It's important to learn how to discipline a puppy. There are means of humane punishment that will teach your pooch he did wrong without hurting him. Consistency and positive reinforcement are key to proper puppy training and discipline.
Bringing a new puppy into your home is fun and exciting, but it can also be a frustrating challenge. Getting angry at your pup is not going to fix anything. Before you bring your new friend home, you need to understand that training him initially will be quite a challenge.
There will be times when you feel frustrated or angry, and that is a sign that you and your puppy need a break!
Learning how to discipline a puppy sounds simple, but there are proven methods that work and are 100% safe and humane. Disciplining your puppy should not be done by shouting or physical punishment. Instead, positive reinforcement, patience and consistency are key to this fundamental task.
How To Discipline A Puppy
When you train your puppy, you'll be saying the same commands over and over again. Right when you think he finally gets it, he ends up doing the exact opposite of what you want him to do. It makes you want to just give up or try something different.
In order for your dog to understand what is expected of him, you need to be consistent. More so, everyone in your house must be on the same page. If you're using one set of commands while another member of your family uses something completely different, your dog is only going to get confused.
Before you bring your dog home, have a family meeting. Work out a training schedule, and discuss what will be expected of the dog. Are you only focusing on recall training and some simple commands?

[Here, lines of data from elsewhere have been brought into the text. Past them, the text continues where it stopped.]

Lemma T_lin al : klinear (T al). Proof. by case: HT. Qed.
Lemma Tt_lin i al : klinear (Tt i al). Proof. by case: HTt => _ []. Qed.
Lemma Tt0 al u : Tt 0 al u = T al u. Proof. by case: HTt => ->. Qed.

Ltac T_expand := repeat progress rewrite ?(klinearD (T_lin _)) ?(klinearN (T_lin _))
  ?(klinearZ (T_lin _)) ?(klinear0 (T_lin _)).

Definition graph_defect al (x : sdp) : A := apart x - T al (mpart x).

Lemma graph_defectD al x y :
  graph_defect al (x + y) = graph_defect al x + graph_defect al y.
Proof. by rewrite /graph_defect apartD mpartD; T_expand; zmod_ac. Qed.

Lemma graph_defect_sum al I (s : seq I) (F : I -> sdp) :
  graph_defect al (\sum_(i <- s) F i) = \sum_(i <- s) graph_defect al (F i).
Proof.
elim/big_rec2: _ => [|i y1 y2 _ <-]; last exact: graph_defectD.
by rewrite /graph_defect; T_expand; rewrite subr0.
Qed.

Lemma graph_defect_inKM al c x : graph_defect al (inK c * x) = c *: graph_defect al x.
Proof. by rewrite /graph_defect apart_inKM mpart_inKM; T_expand; rewrite scalerBr. Qed.

(* Write [apart x = T (mpart x) + e]; the O-operator identity absorbs the
   product of the two graph components. *)
Lemma graph_defectM al be x y : kpart x = 0 -> kpart y = 0 ->
  graph_defect (op al be) (x * y) =
    mulA (graph_defect al x) (apart y) + mulA (apart x) (graph_defect be y)
    - mulA (graph_defect al x) (graph_defect be y)
    - T (op al be) (l (graph_defect al x) (mpart y) + r (mpart x) (graph_defect be y)
        + H (graph_defect al x) (apart y) + H (apart x) (graph_defect be y)
        - H (graph_defect al x) (graph_defect be y)).
Proof.
move=> x_k0 y_k0; rewrite /graph_defect apartM mpartM x_k0 y_k0 !scale0r !add0r.
have ex : apart x = T al (mpart x) + (apart x - T al (mpart x)) by rewrite addrC subrK.
have ey : apart y = T be (mpart y) + (apart y - T be (mpart y)) by rewrite addrC subrK.
move: (apart x - _) (apart y - _) ex ey => e f -> ->.
case: HT => _ T_mul; bilin_expand; rewrite T_mul; T_expand; zmod_ac.
Qed.

(* The truncation at order N of the series u + T^t_al u in sdp[t]. *)
Definition gseries N al u : {poly sdp} := (inM u)%:P + \poly_(i < N.+1) inA (Tt i al u).

Lemma coef_gseries N al u i : (i <= N)%N ->
  (gseries N al u)`_i = (if i == 0%N then inM u else 0) + inA (Tt i al u).
Proof. by move=> hi; rewrite coefD coefC coef_poly ltnS hi. Qed.

Lemma coef0_gseries N al u : (gseries N al u)`_0 = inA (T al u) + inM u.
Proof. by rewrite coef_gseries // Tt0 addrC. Qed.

Lemma apart_gseries N al u i : (i <= N)%N -> apart ((gseries N al u)`_i) = Tt i al u.
Proof. by move=> hi; rewrite coef_gseries // apartD apart_inA; case: ifP; rewrite add0r. Qed.

Lemma mpart_gseries N al u i : (i <= N)%N ->
  mpart ((gseries N al u)`_i) = if i == 0%N then u else 0.
Proof. by move=> hi; rewrite coef_gseries // mpartD mpart_inA addr0; case: ifP. Qed.

Lemma kpart_gseries N al u i : kpart ((gseries N al u)`_i) = 0.
Proof.
rewrite coefD coefC coef_poly kpartD.
by case: (i == 0%N); case: (i < N.+1)%N; rewrite ?kpart_inM ?kpart_inA ?kpart0 addr0.
Qed.

Lemma gseriesE N al u :
  gseries N al u = (inM u)%:P + \sum_(j < N.+1) 'X^j * (inA (Tt j al u))%:P.
Proof.
rewrite /gseries poly_def; congr (_ + _); apply: eq_bigr => j _.
by rewrite -mul_polyC commr_polyXn.
Qed.

Lemma gseries_trunc m N al u : (m <= N)%N -> eq_upto m (gseries N al u) (gseries m al u).
Proof. by move=> hmN i hi; rewrite !coef_gseries // (leq_trans hi hmN). Qed.
(* If [delta (F_ST x0) < 1] for some [x0 > 0], fix a bounded [X] with bound [M].
   A long position [c ST] with [c] large makes [F_(X + c ST)] vanish below [-M]
   and keeps [delta o F_(X + c ST) <= delta (F_ST x0) < 1] on a long stretch of
   [(0, +oo)], so [rho_delta (X + c ST) <= 0]: the infimum is [< +oo].
   A short position [c ST] with [-c] large makes [delta o F_(X + c ST) = 1]
   above [M] while [delta o F >= F >= P[ST >= e] > 0] (concavity) on a long
   stretch of [(-oo, 0]], so [rho_delta > 0]: the infimum is [> -oo].
   Conversely, if [delta o F_ST = 1] on [(0, +oo)] then [delta o F_(-1 + c ST)]
   equals [1] on [(-1, +oo)] for every [c], so no position makes [-1]
   acceptable and [rho(-1) = +oo]. *)

Section Probability.
Context {d : measure_display} {T : measurableType d} {R : realType}.
Variable P : probability T R.

Definition pr (A : set T) : R := fine (P A).

Lemma pr_ge0 A : 0 <= pr A.
Proof. exact/fine_ge0/measure_ge0. Qed.

Lemma le_pr A B : measurable A -> measurable B -> P.-negligible (A `\` B) ->
  pr A <= pr B.
Proof.
move=> mA mB [N [mN N0 ABN]]; rewrite /pr fine_le ?fin_num_measure//.
apply: (@le_trans _ _ (P (B `|` N))).
  apply: le_measure; rewrite ?inE//; first exact: measurableU.
  by move=> w Aw; have [Bw|nBw] := pselect (B w); [left|right; apply: ABN].
apply: (le_trans (measureU2 _ _ _)) => //.
by move: N0 => /= ->; rewrite adde0.
Qed.

Lemma pr_le1 A : measurable A -> pr A <= 1.
Proof.
by move=> mA; rewrite -[1]/(fine 1%E) fine_le ?fin_num_measure ?probability_le1.
Qed.

Lemma pr_setC A : measurable A -> pr (~` A) = 1 - pr A.
Proof.
move=> mA; rewrite /pr probability_setC//.
by rewrite -(fineK (fin_num_measure P _ mA)).
Qed.

Lemma pr_eq0 A : measurable A -> P.-negligible A -> pr A = 0.
Proof.
move=> mA nA; apply/eqP; rewrite eq_le pr_ge0 andbT.
by rewrite -[0]/(fine 0%E) -(measure0 P); apply: le_pr; rewrite ?setD0.
Qed.

Lemma pr_eq1 A : measurable A -> P.-negligible (~` A) -> pr A = 1.
Proof.
move=> mA nA; have := pr_eq0 (measurableC mA) nA.
by rewrite pr_setC// => /eqP; rewrite subr_eq0 eq_sym => /eqP.
Qed.

End Probability.

Section LebesgueBounds.
Context {R : realType}.
Notation lebesgue := (@lebesgue_measure R).

Lemma lebesgue_itv_length (a b : R) (l r : bool) : a < b ->
  lebesgue [set` Interval (BSide l a) (BSide r b)] = (b - a)%:E.
Proof. by move=> ab; rewrite lebesgue_measure_itv/= lte_fin ab. Qed.
(* Let $q$ be a prime power and $N\ge n\ge1$. Then $\chi_1(N\times n,q)=q^N$.
   Context: $\mathbb{F}_q^{N\times n}$ is the set of $N\times n$ matrices over $\mathbb{F}_q$. An exactly $d$-distance coloring is a map $\Gamma:\mathbb{F}_q^{N\times n}\to\{1,\dots,L\}$ such that $\Gamma(M_1)\ne\Gamma(M_2)$ whenever $\mathrm{Rk}(M_1-M_2)=d$. $\chi_d(N\times n,q)$ denotes the minimum number $L$ of colors in an exactly $d$-distance coloring. *)

From HB Require Import structures.
From mathcomp Require Import all_boot all_order all_algebra all_field.
Set Implicit Arguments. Unset Strict Implicit. Unset Printing Implicit Defensive.
Import GRing.Theory.
Local Open Scope ring_scope.

(* An exactly d-distance coloring of F^{N x n} with L colors (colors are
   'I_L, i.e. {0,..,L-1}, in bijection with {1,..,L}): a map Gamma such that
   Gamma M1 <> Gamma M2 whenever rank (M1 - M2) = d. *)
Definition exact_dist_coloring (F : finFieldType) (N n d L : nat)
  (Gamma : 'M[F]_(N, n) -> 'I_L) : bool :=
  [forall M1 : 'M[F]_(N, n), forall M2 : 'M[F]_(N, n),
     (\rank (M1 - M2)%R == d)%N ==> (Gamma M1 != Gamma M2)].

Definition has_exact_dist_coloring (F : finFieldType) (N n d : nat) : pred nat :=
  fun L => [exists Gamma : {ffun 'M[F]_(N, n) -> 'I_L},
              @exact_dist_coloring F N n d L Gamma].

Lemma has_exact_dist_coloring_ex (F : finFieldType) (N n d : nat) :
  (0 < d)%N -> exists L, has_exact_dist_coloring F N n d L.
Proof.
move=> d_gt0; exists #|{: 'M[F]_(N, n)}|; apply/existsP.
exists [ffun M => enum_rank M]; apply/forallP => M1; apply/forallP => M2.
apply/implyP => /eqP Hr; rewrite !ffunE; apply/negP => /eqP /enum_rank_inj E.
by move: Hr d_gt0; rewrite E subrr mxrank0 => <-.
Qed.

(* Defined for d >= 1 (for d = 0 no coloring exists, since rank (M - M) = 0). *)
Definition chi (F : finFieldType) (N n d : nat) (d_gt0 : (0 < d)%N) : nat :=
  ex_minn (has_exact_dist_coloring_ex F N n d_gt0).

(* Lower bound: the matrices whose only nonzero column is the first one form
   a set of q^N matrices any two of which are at rank distance 1, so they all
   get different colors.  Upper bound: identify F^N with a degree-N extension
   K of F (the splitting field of X^(q^N) - X) and color M by
   sum_i b_i * (row i of M, read in K), b a basis of K.  A rank-one difference
   c r factors as (sum_i c_i b_i) * (r read in K), a product of two nonzero
   field elements, so the colors differ. *)

From HB Require Import structures.
From mathcomp Require Import all_boot all_order all_algebra all_field.

Set Implicit Arguments.
Unset Strict Implicit.
Unset Printing Implicit Defensive.

Import GRing.Theory.
Local Open Scope ring_scope.

Lemma natr_card_finField (F : finFieldType) : (#|F|%:R : F) = 0.
Proof.
have [p _ pcharFp] := finPcharP F.
rewrite (card_pprimeChar pcharFp) natrX (pcharf0 pcharFp) expr0n.
case: (logn _ _) (card_pprimeChar pcharFp) => //= E.
by move: (finNzRing_gt1 F); rewrite E.
Qed.

Lemma size_XnsubX (R : nzRingType) m : (1 < m)%N ->
  size ('X^m - 'X : {poly R}) = m.+1.
Proof. by move=> m_gt1; rewrite size_polyDl size_polyXn // size_polyN size_polyX. Qed.

Lemma separable_XnsubX (R : fieldType) m : m%:R = 0 :> R ->
  separable_poly ('X^m - 'X : {poly R}).
Proof.
move=> m0; rewrite unlock derivB derivXn derivX -scaler_nat m0 scale0r sub0r.
by rewrite -[X in coprimep _ X]scaleN1r coprimepZr ?coprimep1 // oppr_eq0 oner_eq0.
Qed.

Lemma dim_splittingField_XnsubX (F : finFieldType) (L : splittingFieldType F) k :
  (0 < k)%N ->
  splittingFieldFor 1 (map_poly (in_alg L) ('X^(#|F| ^ k) - 'X)) {:L} ->
  \dim {:L} = k.
Proof.
move=> k_gt0; set m := (#|F| ^ k)%N.
have F_gt1 := finNzRing_gt1 F.
have m_gt1 : (1 < m)%N by rewrite -(exp1n k) ltn_exp2r.
rewrite rmorphB rmorphXn /= map_polyX => -[zs Dp defL].
pose FL := FinFieldExtType L.
have /finField_galois_generator[/= a _ Da]: (1 <= {:L})%VS by apply: sub1v.
rewrite dimv1 expn1 in Da.
have Dak x : (a ^+ k)%g x = x ^+ m.
  rewrite /m; elim: (k) => [|i IHi]; first by rewrite gal_id.
  by rewrite expgSr expnSr exprM galM ?memvf // IHi Da ?memvf.
have zsE : zs =i fixedSpace (a ^+ k)%g.
  move=> z; rewrite -root_prod_XsubC -(eqp_root Dp) (sameP fixedSpaceP eqP).
  by rewrite /root !hornerE subr_eq0 Dak.
have zsT : FL =i zs.
  suffices fixT : fixedSpace (a ^+ k)%g = {:L}%VS.
    by move=> z; rewrite zsE fixT memvf.
  set E := fixedSpace _ in zsE *.
  apply/eqP; rewrite eqEsubv subvf -defL -[E]subfield_closed agenvS //.
  by rewrite subv_add sub1v; apply/span_subvP => y; rewrite zsE.
have Uzs : uniq zs.
  rewrite -separable_prod_XsubC -(eqp_separable Dp) separable_XnsubX //.
  rewrite -(rmorph_nat (in_alg L)) /m natrX natr_card_finField.
  by rewrite expr0n gtn_eqF // rmorph0.
have cardL : #|FL| = m.
  rewrite (eq_card zsT); apply: succn_inj; rewrite (card_uniqP _) //=.
  by rewrite -(size_prod_XsubC _ id) -(eqp_size Dp) size_XnsubX.
apply/eqP; rewrite -(eqn_exp2l _ _ F_gt1) -/m -cardL.
by rewrite -(card_vspace (fullv : {vspace finvect_type L})) card_vspacef.
Qed.

Lemma finField_ext_exists (F : finFieldType) k : (0 < k)%N ->
  exists L : splittingFieldType F, \dim {:L} = k.
Proof.
move=> k_gt0; have m_gt1 : (1 < #|F| ^ k)%N.
  by rewrite -(exp1n k) ltn_exp2r ?finNzRing_gt1.
have /FinSplittingFieldFor[L splitL] : 'X^(#|F| ^ k) - 'X != 0 :> {poly F}.
  by rewrite -size_poly_eq0 size_XnsubX.
by exists L; apply: dim_splittingField_XnsubX.
Qed.

Lemma mxrank_eq1_factor (F : fieldType) m n (A : 'M[F]_(m, n)) :
  \rank A = 1%N -> exists (c : 'cV_m) (r : 'rV_n), A = c *m r.
Proof.
move=> rA1; move: (col_base A) (row_base A) (mulmx_base A); rewrite rA1.
by move=> c r <-; exists c, r.
Qed.

Lemma has_exact_dist_coloring_map (F : finFieldType) N n d (T : finType)
    (f : 'M[F]_(N, n) -> T) :
  (forall M1 M2, \rank (M1 - M2) = d -> f M1 != f M2) ->
  has_exact_dist_coloring F N n d #|T|.
Proof.
move=> f_sep; apply/existsP; exists [ffun M => enum_rank (f M)].
apply/forallP => M1; apply/forallP => M2; apply/implyP => /eqP rM.
by rewrite !ffunE (inj_eq enum_rank_inj) f_sep.
Qed.

Lemma card_clique_le_colors (F : finFieldType) N n d (T : finType)
    (g : T -> 'M[F]_(N, n)) L :
  (forall x y, x != y -> \rank (g x - g y) = d) ->
  has_exact_dist_coloring F N n d L -> (#|T| <= L)%N.
Proof.
move=> g_clique /existsP[Gamma /forallP colG].
suff Gg_inj : injective (Gamma \o g) by rewrite -[L]card_ord (leq_card _ Gg_inj).
move=> x y /= Gxy; apply/eqP; apply: contraT => xy.
have /forallP/(_ (g y))/implyP := colG (g x).
by rewrite g_clique // eqxx Gxy eqxx => /(_ isT).
Qed.

Section ProductColoring.
Import passmx.

Variables (F : finFieldType) (L : fieldExtType F) (n : nat).
Hypothesis n_le_dim : (n <= \dim {:L})%N.

Local Notation e := (vbasis {:L}).
Local Notation vecof := (vecof e).

Let embed (r : 'rV[F]_n) : L := vecof (r *m pid_mx n).

Let embed_eq0 r : (embed r == 0) = (r == 0).
Proof.
rewrite vecof_eq0 ?vbasisP // mulmx_free_eq0 //.
by rewrite /row_free rank_pid_mx.
Qed.

Let product (M : 'M[F]_(\dim {:L}, n)) : L :=
  \sum_(i < \dim {:L}) e`_i * embed (row i M).

Let productB M1 M2 : product (M1 - M2) = product M1 - product M2.
Proof.
rewrite /product -sumrB; apply: eq_bigr => i _.
by rewrite /embed -mulrBr !linearB /= mulmxBl linearB.
Qed.

Let product_colrow c r : product (c *m r) = vecof c^T * embed r.
Proof.
rewrite /product /vecof mulr_suml; apply: eq_bigr => i _.
have -> : row i (c *m r) = c i 0 *: r by apply/rowP => j; rewrite !mxE big_ord1.
by rewrite /embed -scalemxAl linearZ /= mxE -scalerAl scalerAr.
Qed.

Lemma has_exact_dist_coloring_product :
  has_exact_dist_coloring F (\dim {:L}) n 1 (#|F| ^ \dim {:L})%N.
Proof.
rewrite -(card_vspace (fullv : {vspace finvect_type L})) card_vspacef.
apply: (@has_exact_dist_coloring_map _ _ _ _ (finvect_type L) product) => M1 M2 rM.
have [c [r DM]] := mxrank_eq1_factor rM.
have [c_neq0 r_neq0] : c != 0 /\ r != 0.
  by split; apply/eqP => x0; move: rM; rewrite DM x0 (mul0mx, mulmx0) mxrank0.
rewrite -subr_eq0 -productB DM product_colrow mulf_eq0 negb_or embed_eq0 r_neq0.
by rewrite vecof_eq0 ?vbasisP // trmx_eq0 c_neq0.
Qed.

End ProductColoring.

Lemma card_cV_le_dist1_colors (F : finFieldType) N n L : (0 < n)%N ->
  has_exact_dist_coloring F N n 1 L -> (#|F| ^ N <= L)%N.
Proof.
move=> n_gt0; pose g (v : 'cV[F]_N) : 'M_(N, n) := v *m delta_mx 0 (Ordinal n_gt0).
have -> : (#|F| ^ N)%N = #|{: 'cV[F]_N}| by rewrite card_mx muln1.
apply: (@card_clique_le_colors F N n 1 _ g) => v w vw.
rewrite /g -mulmxBl mxrankMfree; last by rewrite /row_free mxrank_delta.
by rewrite -mxrank_tr rank_rV trmx_eq0 subr_eq0 vw.
Qed.

Theorem proposition4p1 (F : finFieldType) (N n : nat) :
  (1 <= n)%N -> (n <= N)%N -> @chi F N n 1 isT = (#|F| ^ N)%N.
Proof.
move=> n_gt0 n_le_N; rewrite /chi; case: ex_minnP => L colL minL.
apply/eqP; rewrite eqn_leq (card_cV_le_dist1_colors n_gt0 colL) andbT.
apply: minL; have [K dimK] := finField_ext_exists F (leq_trans n_gt0 n_le_N).
rewrite -dimK in n_le_N *; exact: has_exact_dist_coloring_product.
Qed.
(* For every $\mathcal{ALC}$-formula $\varphi$ and every interpretation $M$, $\mathcal{C}(\varphi,M)\equiv\mathcal{C}_s(\varphi,M)$.
   Context: $\mathcal{ALC}$ concepts: $C::=A\mid\neg C\mid(C\sqcap C)\mid\exists r.C$. $\mathcal{ALC}$-formulae: $\phi::=\alpha\mid\neg\phi\mid(\phi\wedge\phi)$, atomic $\alpha::=C(a)\mid r(a,b)\mid(C=\top)$; $\neg\neg\psi$ identified with $\psi$; $\vee,\bot$ usual abbreviations. A literal is an atomic formula or its negation. Interpretations have a countable nonempty domain with standard semantics; $\equiv$ is logical equivalence (same models). $\mathrm{Sub}(\alpha)=\mathrm{Sub}(\neg\alpha)=\{\alpha,\neg\alpha\}$ for atomic $\alpha$; $\mathrm{Sub}(\psi\wedge\psi')=\mathrm{Sub}(\neg(\psi\wedge\psi'))=\{\psi\wedge\psi',\neg(\psi\wedge\psi')\}\cup\mathrm{Sub}(\psi)\cup\mathrm{Sub}(\psi')$. $\mathrm{con}(\varphi)$: smallest set of concepts containing $C$ whenever $(C=\top)$ or $C(a)$ is in $\mathrm{Sub}(\varphi)$, closed under subconcepts of $\sqcap$ and $\exists r.\cdot$ and under single negation. $\mathrm{ind}(\varphi)$: individual names in $\varphi$. Concept type for $\varphi$: $c\subseteq\mathrm{con}(\varphi)$ with $D\in c$ iff $\neg D\notin c$ and $D\sqcap E\in c$ iff $\{D,E\}\subseteq c$. Formula type for $\varphi$: $f\subseteq\mathrm{Sub}(\varphi)$ with $\psi\in f$ iff $\neg\psi\notin f$ and $\psi\wedge\psi'\in f$ iff $\{\psi,\psi'\}\subseteq f$ (for members of $\mathrm{Sub}(\varphi)$). Model candidate $(T,o,f)$: $T$ set of concept types, $o:\mathrm{ind}(\varphi)\to T$, $f$ formula type, $\varphi\in f$, $C(a)\in f\Rightarrow C\in o(a)$, $r(a,b)\in f\Rightarrow\{\neg C\mid\neg\exists r.C\in o(a)\}\subseteq o(b)$. Quasimodel: model candidate where each $\exists r.D\in c\in T$ has $c'\in T$ with $\{D\}\cup\{\neg E\mid\neg\exists r.E\in c\}\subseteq c'$; $\neg C\in c\in T$ implies $(C=\top)\notin f$; $\neg(C=\top)\in f$ implies some $c\in T$ with $C\notin c$; $T\neq\emptyset$. $\mathrm{ftypes}(\varphi)=\{f\mid(T,o,f)$ quasimodel for $\varphi\}$. For interpretation $I$: $\mathrm{qm}(\varphi,I)=(T,o,f)$ with $T=\{c(x)\mid x\in\Delta^I\}$, $c(x)=\{C\in\mathrm{con}(\varphi)\mid x\in C^I\}$, $o(a)=c(a^I)$, $f=\{\psi\in\mathrm{Sub}(\varphi)\mid I\models\psi\}$. $\mathrm{lit}(f)$: literals in $f$. $\mathrm{qfilter}(\varphi,M)=\mathrm{ftypes}(\varphi)\setminus\{f\}$ where $\mathrm{qm}(\varphi,M)=(T,o,f)$. $\mathcal{C}(\varphi,M)=\bigvee_{f\in\mathrm{qfilter}(\varphi,M)}\bigwedge\mathrm{lit}(f)$ if $M\models\varphi$ and $\mathrm{qfilter}(\varphi,M)\ne\emptyset$; $\bot$ if $M\models\varphi$ and $\mathrm{qfilter}(\varphi,M)=\emptyset$; $\varphi$ otherwise. $\mathcal{C}_s(\varphi,M)=\varphi\wedge\neg(\bigwedge\mathrm{lit}(f))$ if $M\models\varphi$, where $\mathrm{qm}(\varphi,M)=(T,o,f)$; and $\mathcal{C}_s(\varphi,M)=\varphi$ otherwise. *)

From Stdlib Require Import List Bool Classical ClassicalEpsilon.
Import ListNotations.
(* Let $G$ be a topological group which is a Baire space. Then the following are equivalent: (i) $G$ is metrizable; (ii) $G$ has the strong Pytkeev property; (iii) $G$ has countable $ck$-character; (iv) $G$ has countable $cn$-character; (v) $G$ has a $\mathfrak{G}$-base satisfying the condition $(\mathbf{D})$.
   Context: A space $X$ has the strong Pytkeev property if for each $x\in X$ there is a countable family $\mathcal{D}$ of subsets of $X$ such that for each neighborhood $U$ of $x$ and each $A\subseteq X$ with $x\in\overline{A}\setminus A$ there is $D\in\mathcal{D}$ with $D\subseteq U$ and $D\cap A$ infinite. For $x\in X$, a family $\mathcal{N}$ of subsets of $X$ is a $cn$-network at $x$ if for each neighborhood $O_x$ of $x$ the set $\bigcup\{N\in\mathcal{N}:x\in N\subseteq O_x\}$ is a neighborhood of $x$; it is a $ck$-network at $x$ if for every neighborhood $O_x$ there is a neighborhood $U_x$ of $x$ such that for each compact $K\subseteq U_x$ there is a finite $\mathcal{F}\subseteq\mathcal{N}$ with $x\in\bigcap\mathcal{F}$ and $K\subseteq\bigcup\mathcal{F}\subseteq O_x$. The $cn$-character (resp. $ck$-character) of $X$ is the supremum over $x\in X$ of the least cardinality of a $cn$-network (resp. $ck$-network) at $x$. $\mathbb{N}^\mathbb{N}$ is ordered coordinatewise. A $\mathfrak{G}$-base of a topological group $G$ is a base $\{U_\alpha:\alpha\in\mathbb{N}^\mathbb{N}\}$ of neighborhoods of the unit $e$ with $U_\beta\subseteq U_\alpha$ whenever $\alpha\le\beta$. For $\alpha\in\mathbb{N}^\mathbb{N}$, $k\in\mathbb{N}$, let $I_k(\alpha)=\{\beta:\beta_i=\alpha_i,\ i=1,\dots,k\}$ and $D_k(\alpha)=\bigcap_{\beta\in I_k(\alpha)}U_\beta$; the base satisfies condition $(\mathbf{D})$ if $U_\alpha=\bigcup_k D_k(\alpha)$ for every $\alpha$. *)

From Stdlib Require Import Reals List Classical.
Open Scope R_scope.
Set Implicit Arguments.

Section Topology.
Variable X : Type.
Variable opn : (X -> Prop) -> Prop.

Definition subset (A B : X -> Prop) : Prop := forall x, A x -> B x.

Definition is_topology : Prop :=
  opn (fun _ => True) /\
  (forall U V, opn U -> opn V -> opn (fun x => U x /\ V x)) /\
  (forall F : (X -> Prop) -> Prop, (forall U, F U -> opn U) ->
      opn (fun x => exists U, F U /\ U x)).

Definition hausdorff : Prop :=
  forall x y, x <> y -> exists U V, opn U /\ opn V /\ U x /\ V y /\
     (forall z, U z -> V z -> False).

Definition nbhd (x : X) (N : X -> Prop) : Prop :=
  exists U, opn U /\ U x /\ subset U N.

Definition closure (A : X -> Prop) (x : X) : Prop :=
  forall U, opn U -> U x -> exists y, U y /\ A y.

Definition dense (A : X -> Prop) : Prop := forall x, closure A x.

Definition baire_space : Prop :=
  forall U : nat -> (X -> Prop), (forall n, opn (U n)) -> (forall n, dense (U n)) ->
    dense (fun x => forall n, U n x).

Definition infinite_set (A : X -> Prop) : Prop :=
  ~ exists l : list X, forall x, A x -> In x l.

Definition compact (K : X -> Prop) : Prop :=
  forall F : (X -> Prop) -> Prop, (forall U, F U -> opn U) ->
    subset K (fun x => exists U, F U /\ U x) ->
    exists l : list (X -> Prop), (forall U, In U l -> F U) /\
      subset K (fun x => exists U, In U l /\ U x).

Definition countable_family (F : (X -> Prop) -> Prop) : Prop :=
  exists f : nat -> (X -> Prop), forall S, F S -> exists n, f n = S.

Definition metrizable : Prop :=
  exists d : X -> X -> R,
    (forall x y, 0 <= d x y) /\
    (forall x y, d x y = 0 <-> x = y) /\
    (forall x y, d x y = d y x) /\
    (forall x y z, d x z <= d x y + d y z) /\
    (forall U, opn U <-> (forall x, U x -> exists eps, eps > 0 /\
                               forall y, d x y < eps -> U y)).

Or will you be expecting more from your Fido?
Once everyone is on the same page, you will know that your dog is hearing the same commands from everyone. This will make training much easier and give you a better chance for success.
Your puppy needs to understand that you're the boss. Learning how to discipline a puppy means learning how to be an authority figure to your new pet without scaring him. Dogs are pack animals, which means that they naturally look for the leader of the group. If there is no noticeable leader, they may try to fill that role themselves.
You need to be confident and assertive. You are the boss, not your dog! Think of the way that a confident leader projects themselves. They stand up straight, speak clearly and act with confidence. You need to act this way in order for your dog to understand that you are in charge.
And remember, DO NOT use baby talk! Think about how you would feel if someone asked you to do something while speaking baby talk? You wouldn't take them very seriously, would you? If you speak baby talk to your dog, he's not going to understand you or take you seriously. There's a time and place for using dog-speak with your puppy, but training and disciplining the pup is not that time.
When you think of discipline, you probably think of someone raising their voice and using physical punishment. When you're learning how to discipline a puppy, neither of things should even be on your radar. Studies have shown that using aversive training methods like these is extremely detrimental to a dog's mental and physical well-being.
I know it can be difficult to stay calm, especially when you're frustrated with a naughty puppy. It's important to keep your mood calm, because your dog will sense your frustration and become agitated as well.
Encourage your dog's good behavior with positive reinforcement. Positive reinforcement training using praise and rewards (usually treats) to encourage your dog's good behavior. Instead of scolding him for doing something that he shouldn't, reward him for doing the things that you want him to do.
Learning how to discipline a puppy isn't about scolding and spanking; it's about learning to distract and redirect him. As you will see in my video guide above, distracting your dog with something he's interested in (like a squeaky toy) is a very effective way to get him to stop misbehaving.
Let's say your dog is chewing on something he shouldn't be or jumping up on someone walking through the door. You can distract him with a favorite toy, a dog treat or some attention. Once he's distracted and doing what he's supposed to do, it's time to reward him with some praise and affection.
Long story short, learning how to discipline a puppy isn't really about ‘discipline' at all – or at least not in the traditional way we think of discipline. It's about being consistent and patient, as well as correcting unwanted behavior in a positive way.